We will stick to TV series because that’s mostly what I watch and because there is a great variety of different styles and levels within these shows. Here are just some ideas to get you started and most of the below shows are either critically acclaimed or real commercial successes:
家有儿女 (Home with Kids)
Oldie but goldie. Omnipresent sitcom/drama about a patchwork family between two parents who are separated from their previous spouses and their children. The family has its stereotypical roles (i.e. the kid being an overachieving student at school) and their daily stories and encounters are easy to follow. Also, the conversation between the children uses rather simple language. Suitable for beginners.
欢乐颂 (Ode to Joy)
The Chinese answer to “Sex and the City”. The story is about five modern women who live together in the same floor in an apartment complex called "Ode to Joy" in Shanghai. This show will take you through the intricacies of modern Chinese dating (or you can read our blog article here). Again, lots of useful everyday vocab. Conversations are quite easy to follow and the acting is fun. Suitable for beginners.
痞子英雄 (Black & White)
Action packed police show with a somewhat exaggerated touch of humor. It’s probably not for you if you are looking for deep stories and emotions. On the other hand, this makes the show quite understandable even if you can’t follow the conversations. For those that prefer Taiwanese accent over Mainland accent. Suitable for beginners.
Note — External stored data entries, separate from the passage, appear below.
Lemma landmark1 n : 4 <= n -> landmark n 1.
Proof. by rewrite landmarkE; lia. Qed.

Lemma landmark_undominated_unique n x y : x < n -> y < n ->
  ~~ landmark n x -> ~~ landmark n y ->
  ~~ dominated (landmark n) x -> ~~ dominated (landmark n) y -> x = y.
Proof.
by move=> x_lt y_lt Lx Ly dx dy; rewrite (landmark_undominated x_lt Lx dx) (landmark_undominated y_lt Ly dy).
Qed.

Lemma card_ord_pred n (P : pred nat) : #|[pred i : 'I_n | P i]| = count P (iota 0 n).
Proof.
rewrite -sum1_card big_mkcond /= -(big_mkord xpredT (fun i => if P i then 1 else 0)).
by rewrite /index_iota subn0 -sum1_count [RHS]big_mkcond.
Qed.

Lemma ord_locating n (e : rel 'I_n) (r : nat -> nat -> bool) (L : pred nat) :
  (forall i j : 'I_n, e i j = r i j) -> (forall v, L v -> v < n) ->
  (forall x y, x < n -> y < n -> x != y -> ~~ L x -> ~~ L y ->
     exists2 z, L z & r x z != r y z) ->
  locating e [pred i : 'I_n | L i].
Proof.
move=> eE L_lt L_loc x y neq_xy Lx Ly.
have [z Lz sep] := L_loc x y (ltn_ord x) (ltn_ord y) neq_xy Lx Ly.
by exists (Ordinal (L_lt z Lz)); rewrite //= !eE.
Qed.

Lemma path_adj_sym n : symmetric (path_adj n).
Proof. by move=> i j; rewrite /path_adj orbC. Qed.

Lemma cycle_adj_sym n : symmetric (cycle_adj n).
Proof. by move=> i j; rewrite /cycle_adj orbC. Qed.

(* A neighbour in the path is determined by its side of x. *)
Lemma path_degree n (x : 'I_n) : #|[set y | path_adj n x y]| <= 2.
Proof.
apply: (@card_le_inj _ _ (fun y : 'I_n => x < y)) => [y y'|y _]; last by case: (x < y).
by rewrite !inE /path_adj => adj_y adj_y' same_side; apply: ord_inj; lia.
Qed.

(* A neighbour in the cycle is determined by whether it is the successor of x. *)
Lemma cycle_degree n (x : 'I_n) : 3 <= n -> #|[set y | cycle_adj n x y]| <= 2.
Proof.
move=> n_ge3; apply: (@card_le_inj _ _ (fun y : 'I_n => x.+1 %% n == y)) => [y y'|y _].
  rewrite !inE => adj_y adj_y' same; apply: ord_inj.
  move: adj_y adj_y' same (ltn_ord x) (ltn_ord y) (ltn_ord y').
  rewrite -[cycle_adj n x y]/(adjc n x y) -[cycle_adj n x y']/(adjc n x y').
  by rewrite !adjcE // succ_mod // /adjp; case: ifP => /eqP; lia.
by case: (_ == _).
Qed.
Another oldie. If you are a college/university student, this is the must-watch drama for you. This series traces the struggles of China's Post-80's generation (called 八零后 in Chinese) after graduation from college. The vocab and also speed of conversation is not always easy, but the show contains loads of useful everyday situations (just the first episode takes you to an internet café where electricity breaks down and a bar/restaurant fight with subsequent police interrogation ;-)). Suitable for intermediate learners.
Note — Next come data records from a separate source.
(* Let [a = PI / q].  The chord joining the boundary points at angles [phi] and
   [phi'] has length sqrt ((r - r')^2 + 4 r r' sin^2 ((phi' - phi) / 2)), which
   is [(r + r') sin ((phi' - phi) / 2) + O(e^2)] uniformly, because
   [r - r' = O(e |phi' - phi| + e^2)].  Hence the regular polygon with vertices
   at the angles [theta + 2 a i] has perimeter [2 q sin a (1 + e g(theta)) + O(e^2)],
   where [g(theta)] is the mean of [n] over these vertices.  No inscribed polygon
   does better by more than [O(e^2)]: if its half gaps are [a + eta_i] (so
   [sum eta_i = 0]), strong concavity of [sin] on [[0, PI]] costs [c eta_i^2] per
   side, which absorbs the first-order change [O(e |eta_i|)] due to moving the
   vertices.  Thus [P_q(theta, Omega_e) = 2 q sin a (1 + e g(theta)) + O(e^2)],
   and the disk is the unperturbed case [n = 0].  Finally [g = n^(q)]: the Fourier
   coefficients of [g] are those of [n] at the multiples of [q] and vanish
   elsewhere, and the Fourier series of the C^1 periodic function [g] converges
   pointwise to [g] (Dirichlet kernel, Riemann-Lebesgue estimate by integration
   by parts). *)

(** * Trigonometric inequalities *)

Lemma sin_half_ge (u : R) : 0 <= u <= PI -> u / 8 <= sin (u / 2).
Proof.
  intros Hu. assert (HP := PI_4).
  destruct (sin_bound (u / 2) 0 ltac:(lra) ltac:(lra)) as [Hs _].
  replace (sin_approx (u / 2) (2 * 0 + 1)) with (u / 2 - (u / 2) ^ 3 / 6) in Hs
    by (unfold sin_approx, sin_term; simpl; field).
  nra.
Qed.

Lemma mul_sin_half_ge (t : R) : - PI <= t <= PI -> t ^ 2 / 8 <= t * sin (t / 2).
Proof.
  intros Ht. destruct (Rle_dec 0 t) as [H0|H0].
  - assert (h := sin_half_ge t ltac:(lra)). nra.
  - assert (h := sin_half_ge (- t) ltac:(lra)).
    replace (- t / 2) with (- (t / 2)) in h by field. rewrite sin_neg in h. nra.
Qed.

Lemma sin_half_le_sin_half_add (a c : R) : 0 < a <= PI / 2 -> 0 <= c <= PI ->
  sin (a / 2) <= sin ((a + c) / 2).
Proof.
  intros Ha Hc. assert (HP := PI_RGT_0).
  assert (E := form4 ((a + c) / 2) (a / 2)).
  assert (0 <= cos (((a + c) / 2 + a / 2) / 2)) by (apply cos_ge_0; lra).
  assert (0 <= sin (((a + c) / 2 - a / 2) / 2)) by (apply sin_ge_0; lra).
  nra.
Qed.

Lemma cos_sub_mul_ge (a c : R) : 0 < a <= PI / 2 -> 0 <= c <= PI ->
  sin (a / 2) / 4 * (c - a) ^ 2 <= (cos a - cos c) * (c - a).
Proof.
  intros Ha Hc. assert (HP := PI_RGT_0).
  assert (E := form2 a c).
  replace ((a - c) / 2) with (- ((c - a) / 2)) in E by field. rewrite sin_neg in E.
  assert (H1 := sin_half_le_sin_half_add a c Ha Hc).
  assert (H2 := mul_sin_half_ge (c - a) ltac:(lra)).
  assert (0 <= sin (a / 2)) by (apply sin_ge_0; lra).
  assert (0 <= (c - a) ^ 2) by apply pow2_ge_0.
  rewrite E. nra.
Qed.

Lemma sin_strong_concave (a x : R) : 0 < a <= PI / 2 -> 0 <= x <= PI ->
  sin x <= sin a + cos a * (x - a) - sin (a / 2) / 8 * (x - a) ^ 2.
Proof.
  intros Ha Hx.
  set (k := sin (a / 2) / 8).
  set (g := fun y => sin a + cos a * (y - a) - k * (y - a) ^ 2 - sin y).
  set (dg := fun y => cos a - 2 * k * (y - a) - cos y).
  (* [g] vanishes at [a] and [g'(c) (c - a) >= 0]: [g] grows away from [a]. *)
  destruct (MVT_gen g a x dg) as [c [Hc Hgc]].
  - intros y _. unfold g, dg. auto_derive; auto. ring.
  - intros y _. apply derivable_continuous_pt. unfold g. reg.
  - assert (Hc' : 0 <= c <= PI /\ (c - a) * (x - a) >= 0).
    { destruct (Rle_dec a x).
      - rewrite Rmin_left, Rmax_right in Hc by lra. split; [lra | nra].
      - rewrite Rmin_right, Rmax_left in Hc by lra. split; [lra | nra]. }
    assert (Hdg : 0 <= dg c * (c - a)).
    { assert (h := cos_sub_mul_ge a c Ha (proj1 Hc')).
      unfold dg, k in *. assert (0 <= (c - a) ^ 2) by apply pow2_ge_0. nra. }
    assert (0 <= dg c * (x - a)).
    { destruct (Req_dec c a) as [->|Hca]; [unfold dg; right; ring|].
      destruct Hc' as [_ Hs]. assert (0 < (c - a) ^ 2) by (apply pow2_gt_0; lra).
      nra. }
    unfold g in Hgc. lra.
Qed.

Lemma sin_lipschitz (x y : R) : Rabs (sin x - sin y) <= Rabs (x - y).
Proof.
  destruct (MVT_gen sin y x cos) as [c [_ Hc]].
  - intros z _. apply is_derive_sin.
  - intros z _. apply derivable_continuous_pt. reg.
  - rewrite Hc, Rabs_mult.
    assert (Rabs (cos c) <= 1) by (apply Rabs_le; split; apply COS_bound).
    assert (0 <= Rabs (x - y)) by apply Rabs_pos.
    nra.
Qed.

Lemma dist2_polar (rho : R -> R) (a b : R) :
  dist2 (bx rho a) (by_ rho a) (bx rho b) (by_ rho b) =
  sqrt ((rho a - rho b) ^ 2 + 4 * rho a * rho b * sin ((b - a) / 2) ^ 2).
Proof.
  unfold dist2, bx, by_. f_equal.
  assert (E1 := cos_minus b a).
  assert (E2 := cos_2a_sin ((b - a) / 2)).
  replace (2 * ((b - a) / 2)) with (b - a) in E2 by field.
  assert (E3 := sin2_cos2 a). assert (E4 := sin2_cos2 b). unfold Rsqr in *.
  set (r := rho a) in *. set (s := rho b) in *.
  replace ((r * cos a - s * cos b) ^ 2 + (r * sin a - s * sin b) ^ 2) with
    (r ^ 2 * (sin a * sin a + cos a * cos a) + s ^ 2 * (sin b * sin b + cos b * cos b)
     - 2 * r * s * (cos b * cos a + sin b * sin a)) by ring.
  rewrite E3, E4, <- E1, E2. ring.
Qed.

Lemma chord_ge (r r' s : R) : 0 <= r -> 0 <= r' -> 0 <= s <= 1 ->
  (r + r') * s <= sqrt ((r - r') ^ 2 + 4 * r * r' * s ^ 2).
Proof.
  intros Hr Hr' Hs. rewrite <- (sqrt_pow2 ((r + r') * s)) by nra.
  apply sqrt_le_1_alt.
  assert (s ^ 2 <= 1) by nra. assert (0 <= (r - r') ^ 2) by apply pow2_ge_0.
  nra.
Qed.

Lemma sqrt_add_sq_le (A Y B Q : R) : 0 <= B -> 0 <= Q -> Y <= B ^ 2 ->
  A ^ 2 <= 2 * B * Q + Q ^ 2 -> sqrt (A ^ 2 + Y) <= B + Q.
Proof.
  intros HB HQ HY HA. rewrite <- (sqrt_pow2 (B + Q)) by lra.
  apply sqrt_le_1_alt. nra.
Qed.

(* [A = r - r'] is only [O(e)], yet costs [O(e^2)] under the square root,
   since sqrt (B^2 + A^2) <= B + A^2 / (2 B) with [B = (r + r') s >= dl / 4]:
   if [e <= dl] then [A^2 <= 4 K^2 e^2 dl^2 <= 64 K^2 e^2 B], and otherwise [A]
   itself is [O(e^2)]. *)
Lemma chord_le (A r r' s dl e K : R) :
  0 < e -> 0 <= dl <= 4 -> 1 <= r + r' -> 0 <= r -> 0 <= r' -> 0 <= s ->
  dl / 4 <= s -> 0 <= K -> Rabs A <= K * (e * dl + e ^ 2) ->
  sqrt (A ^ 2 + 4 * r * r' * s ^ 2) <= (r + r') * s + (2 * K + 32 * K ^ 2) * e ^ 2.
Proof.
  intros He Hdl Hrr Hr Hr' Hs Hsd HK HA.
  set (B := (r + r') * s). set (Q := (2 * K + 32 * K ^ 2) * e ^ 2).
  assert (HB : dl / 4 <= B) by (unfold B; nra).
  assert (HKe : 0 <= K * e ^ 2) by (apply Rmult_le_pos; [lra | apply pow2_ge_0]).
  assert (HK2e : 0 <= K ^ 2 * e ^ 2) by (apply Rmult_le_pos; apply pow2_ge_0).
  assert (HQ : 0 <= Q) by (unfold Q; nra).
  assert (HA2 : A ^ 2 = Rabs A ^ 2) by (rewrite <- !Rsqr_pow2; apply Rsqr_abs).
  assert (HA0 := Rabs_pos A).
  assert (0 <= (r - r') ^ 2 * s ^ 2) by (apply Rmult_le_pos; apply pow2_ge_0).
  apply sqrt_add_sq_le; [unfold B; nra | exact HQ | unfold B; nra |].
  rewrite HA2. destruct (Rle_dec e dl) as [Hed|Hed].
  - assert (Rabs A <= 2 * K * e * dl) by nra.
    assert (Rabs A ^ 2 <= (2 * K * e * dl) ^ 2) by (apply pow_incr; lra).
    assert (dl * dl <= 16 * B) by nra.
    assert (K ^ 2 * e ^ 2 * (dl * dl) <= K ^ 2 * e ^ 2 * (16 * B))
      by (apply Rmult_le_compat_l; lra).
    assert (0 <= Q ^ 2) by apply pow2_ge_0.
    unfold Q in *. nra.
  - assert (Rabs A <= 2 * K * e ^ 2) by nra.
    assert (0 <= 2 * B * Q) by nra.
    assert (Rabs A ^ 2 <= (2 * K * e ^ 2) ^ 2) by (apply pow_incr; lra).
    assert ((2 * K * e ^ 2) ^ 2 <= Q ^ 2) by (apply pow_incr; unfold Q; nra).
    lra.
Qed.

Lemma rsum_ext (f g : nat -> R) N :
  (forall i, (i < N)%nat -> f i = g i) -> rsum f N = rsum g N.
Proof.
  induction N; intros H; simpl; auto.
  rewrite IHN by (intros; apply H; lia). rewrite H by lia. reflexivity.
Qed.

Lemma rsum_le (f g : nat -> R) N :
  (forall i, (i < N)%nat -> f i <= g i) -> rsum f N <= rsum g N.
Proof.
  induction N; intros H; simpl; [lra|].
  assert (rsum f N <= rsum g N) by (apply IHN; intros; apply H; lia).
  assert (f N <= g N) by (apply H; lia). lra.
Qed.

Lemma rsum_plus (f g : nat -> R) N : rsum (fun i => f i + g i) N = rsum f N + rsum g N.
Proof. induction N; simpl; [lra|]. rewrite IHN. ring. Qed.

Lemma rsum_minus (f g : nat -> R) N : rsum (fun i => f i - g i) N = rsum f N - rsum g N.
Proof. induction N; simpl; [lra|]. rewrite IHN. ring. Qed.

Lemma rsum_scal (c : R) (f : nat -> R) N : rsum (fun i => c * f i) N = c * rsum f N.
Proof. induction N; simpl; [lra|]. rewrite IHN. ring. Qed.

Lemma rsum_const (c : R) N : rsum (fun _ => c) N = INR N * c.
Proof. induction N; simpl rsum; [simpl; lra|]. rewrite IHN, S_INR. ring. Qed.

Lemma rsum_shift (f : nat -> R) N : rsum (fun i => f (S i)) N = rsum f N - f 0%nat + f N.
Proof. induction N; simpl; [lra|]. rewrite IHN. ring. Qed.

Lemma rsum_telescope (f : nat -> R) N : rsum (fun i => f (S i) - f i) N = f N - f 0%nat.
Proof. induction N; simpl; [lra|]. rewrite IHN. ring. Qed.

Lemma rsum_split (f : nat -> R) a b :
  rsum f (a + b) = rsum f a + rsum (fun l => f (a + l)%nat) b.
Proof.
  induction b; simpl; [rewrite Nat.add_0_r; ring|].
  rewrite Nat.add_succ_r. simpl. rewrite IHb. ring.
Qed.

Lemma rsum_abs (f : nat -> R) N : Rabs (rsum f N) <= rsum (fun i => Rabs (f i)) N.
Proof.
  induction N; simpl; [rewrite Rabs_R0; lra|].
  eapply Rle_trans; [apply Rabs_triang | lra].
Qed.

Lemma rsum_le_of_nonneg (f : nat -> R) N M :
  (forall j, (j < N)%nat -> 0 <= f j) -> (M <= N)%nat -> rsum f M <= rsum f N.
Proof.
  induction N; intros H HM.
  - replace M with 0%nat by lia. simpl; lra.
  - destruct (Nat.eq_dec M (S N)) as [->|]; [lra|].
    simpl. assert (rsum f M <= rsum f N) by (apply IHN; [intros; apply H | ]; lia).
    assert (0 <= f N) by (apply H; lia). lra.
Qed.

Lemma rsum_term_le (f : nat -> R) N i :
  (forall j, (j < N)%nat -> 0 <= f j) -> (i < N)%nat -> f i <= rsum f N.
Proof.
  intros H Hi. apply Rle_trans with (rsum f (S i)).
  - simpl. assert (0 <= rsum f i) by (replace 0 with (rsum f 0) by reflexivity;
      apply rsum_le_of_nonneg; [intros; apply H | ]; lia). lra.
  - apply rsum_le_of_nonneg; auto.
Qed.

(** * Inscribed polygons *)

Lemma Pq_is_lub (rho : R -> R) q theta :
  (exists p, perimeters rho q theta p) ->
  (exists U, forall p, perimeters rho q theta p -> p <= U) ->
  is_lub (perimeters rho q theta) (Pq rho q theta).
Proof.
  intros Hne [U HU]. unfold Pq. apply epsilon_spec.
  destruct (completeness (perimeters rho q theta)) as [l Hl]; [exists U; exact HU | exact Hne |].
  exists l; exact Hl.
Qed.

Definition vertex_angle (q i : nat) : R := 2 * (PI / INR q) * INR i.

Definition regular_angles (q : nat) (theta : R) (i : nat) : R := theta + vertex_angle q i.

Definition rotation_average (f : R -> R) (q : nat) (theta : R) : R :=
  / INR q * rsum (fun i => f (regular_angles q theta i)) q.

Lemma regular_angles_admissible q theta : (1 <= q)%nat -> admissible q theta (regular_angles q theta).
Proof.
  intros Hq. assert (HP := PI_RGT_0). assert (0 < INR q) by (apply lt_0_INR; lia).
  assert (0 <= PI / INR q) by (apply Rlt_le, Rdiv_lt_0_compat; lra).
  unfold admissible, regular_angles, vertex_angle. repeat split.
  - simpl. ring.
  - field. lra.
  - intros i _. rewrite S_INR. lra.
Qed.

Lemma Pq_le_ub (rho : R -> R) q theta U :
  (1 <= q)%nat -> (forall p, perimeters rho q theta p -> p <= U) -> Pq rho q theta <= U.
Proof.
  intros Hq HU. apply (Pq_is_lub rho q theta); [|exists U; exact HU | exact HU].
  exists (perimeter rho q (regular_angles q theta)), (regular_angles q theta).
  split; [apply regular_angles_admissible|]; auto.
Qed.

Lemma perimeter_le_Pq (rho : R -> R) q theta U phi :
  admissible q theta phi -> (forall p, perimeters rho q theta p -> p <= U) ->
  perimeter rho q phi <= Pq rho q theta.
Proof.
  intros Ha HU. apply (Pq_is_lub rho q theta); [|exists U; exact HU | exists phi; auto].
  exists (perimeter rho q phi), phi. auto.
Qed.

Definition gap (phi : nat -> R) (i : nat) : R := phi (S i) - phi i.

Lemma admissible_gap_sum q theta phi : admissible q theta phi -> rsum (gap phi) q = 2 * PI.
Proof. intros [H0 [Hq _]]. unfold gap. rewrite rsum_telescope, H0, Hq. ring. Qed.

Lemma admissible_gap_bounds q theta phi i : admissible q theta phi -> (i < q)%nat ->
  0 <= gap phi i <= 2 * PI.
Proof.
  intros Ha Hi. assert (Hmono : forall j, (j < q)%nat -> 0 <= gap phi j).
  { intros j Hj. destruct Ha as [_ [_ Hm]]. unfold gap. assert (h := Hm j Hj). lra. }
  split; auto. rewrite <- (admissible_gap_sum q theta phi Ha). apply rsum_term_le; auto.
Qed.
人民的名义 (In the Name of the People)
Another recent show. China’s house of cards (or so they claim). The show tells the story of the fight of Chinese authorities against corruption. This is a big national topic in China. And in fact, the show is partly financed by the government. However, it is still reasonably entertaining. Obviously, the series contains lots of specialized vocab from the political/criminal enforcement field. Suitable for intermediate learners.
蜗居 (Dwelling Narrowness)
When a TV drama gets officially censored, you know that you should watch it. Rumor has it that the series depicts too many socially sensitive issues, such as the growing (un-)affordability of housing in Chinese big cities, the widening wealth gap and corruption. That would obviously go against the mainstream story of the rebirth of the “Chinese Dream”. Others suspect that the show is too explicit. Whatever the reason, it’s worth watching. The language is mostly everyday situations and yes, the main characters talk about sex which is unusual for a Mainland show. Suitable for intermediate learners.
琅琊榜 (Nirvana in Fire)
Critically acclaimed and a commercial success. Nirvana in Fire is a visually stunning historical drama set in sixth century China. It follows the political intrigues at the imperial court and beyond. The storyline is complex and the character’s sometimes drift off into ancient-style Chinese. This makes the show something for more ambitious students. Of course, you will still enjoy the show if you are a die-hard wuxia fan and the action is masterfully shot. Suitable for advanced learners.
To get some variety, you can also check out other successful formats on Chinese TV, such as game shows. A long time audience favorite is the dating show 非诚勿扰 in which one male candidate tries to win the heart of one of the 25 participating girls. Most of the candidates are Chinese, but the occasional foreigner adds spice to the show.